Please give again, word for word, the lines that lie between the start of the listing below and the line with "symmetric e /\ irreflexive e.", both included.

★ ★ ★ ★ ★

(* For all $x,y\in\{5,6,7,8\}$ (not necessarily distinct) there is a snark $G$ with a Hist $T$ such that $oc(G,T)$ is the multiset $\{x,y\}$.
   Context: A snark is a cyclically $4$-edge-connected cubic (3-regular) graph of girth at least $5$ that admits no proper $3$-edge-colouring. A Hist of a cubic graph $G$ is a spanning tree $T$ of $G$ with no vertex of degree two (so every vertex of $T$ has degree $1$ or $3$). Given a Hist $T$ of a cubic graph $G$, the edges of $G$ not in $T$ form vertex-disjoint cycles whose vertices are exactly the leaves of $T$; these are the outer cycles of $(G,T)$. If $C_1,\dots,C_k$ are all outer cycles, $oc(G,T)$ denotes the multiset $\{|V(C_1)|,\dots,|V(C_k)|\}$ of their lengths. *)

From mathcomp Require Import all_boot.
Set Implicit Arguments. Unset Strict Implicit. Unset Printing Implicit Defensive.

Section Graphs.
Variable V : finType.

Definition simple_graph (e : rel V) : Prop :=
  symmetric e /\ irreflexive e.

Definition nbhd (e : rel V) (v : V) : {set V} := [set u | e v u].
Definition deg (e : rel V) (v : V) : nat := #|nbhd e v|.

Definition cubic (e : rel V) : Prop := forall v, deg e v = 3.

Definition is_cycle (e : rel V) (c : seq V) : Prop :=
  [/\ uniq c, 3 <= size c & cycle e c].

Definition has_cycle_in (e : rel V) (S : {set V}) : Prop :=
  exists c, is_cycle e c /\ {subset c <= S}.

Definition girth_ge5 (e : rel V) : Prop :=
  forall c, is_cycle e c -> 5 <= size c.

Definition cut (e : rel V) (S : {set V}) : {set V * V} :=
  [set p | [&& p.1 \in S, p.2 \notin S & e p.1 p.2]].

★ ★ ★ ★ ★

RESPONSE TO THIS TASK.
(* For all $x,y\in\{5,6,7,8\}$ (not necessarily distinct) there is a snark $G$ with a Hist $T$ such that $oc(G,T)$ is the multiset $\{x,y\}$.
   Context: A snark is a cyclically $4$-edge-connected cubic (3-regular) graph of girth at least $5$ that admits no proper $3$-edge-colouring. A Hist of a cubic graph $G$ is a spanning tree $T$ of $G$ with no vertex of degree two (so every vertex of $T$ has degree $1$ or $3$). Given a Hist $T$ of a cubic graph $G$, the edges of $G$ not in $T$ form vertex-disjoint cycles whose vertices are exactly the leaves of $T$; these are the outer cycles of $(G,T)$. If $C_1,\dots,C_k$ are all outer cycles, $oc(G,T)$ denotes the multiset $\{|V(C_1)|,\dots,|V(C_k)|\}$ of their lengths. *)

From mathcomp Require Import all_boot.
Set Implicit Arguments. Unset Strict Implicit. Unset Printing Implicit Defensive.

Section Graphs.
Variable V : finType.

Definition simple_graph (e : rel V) : Prop :=
  symmetric e /\ irreflexive e.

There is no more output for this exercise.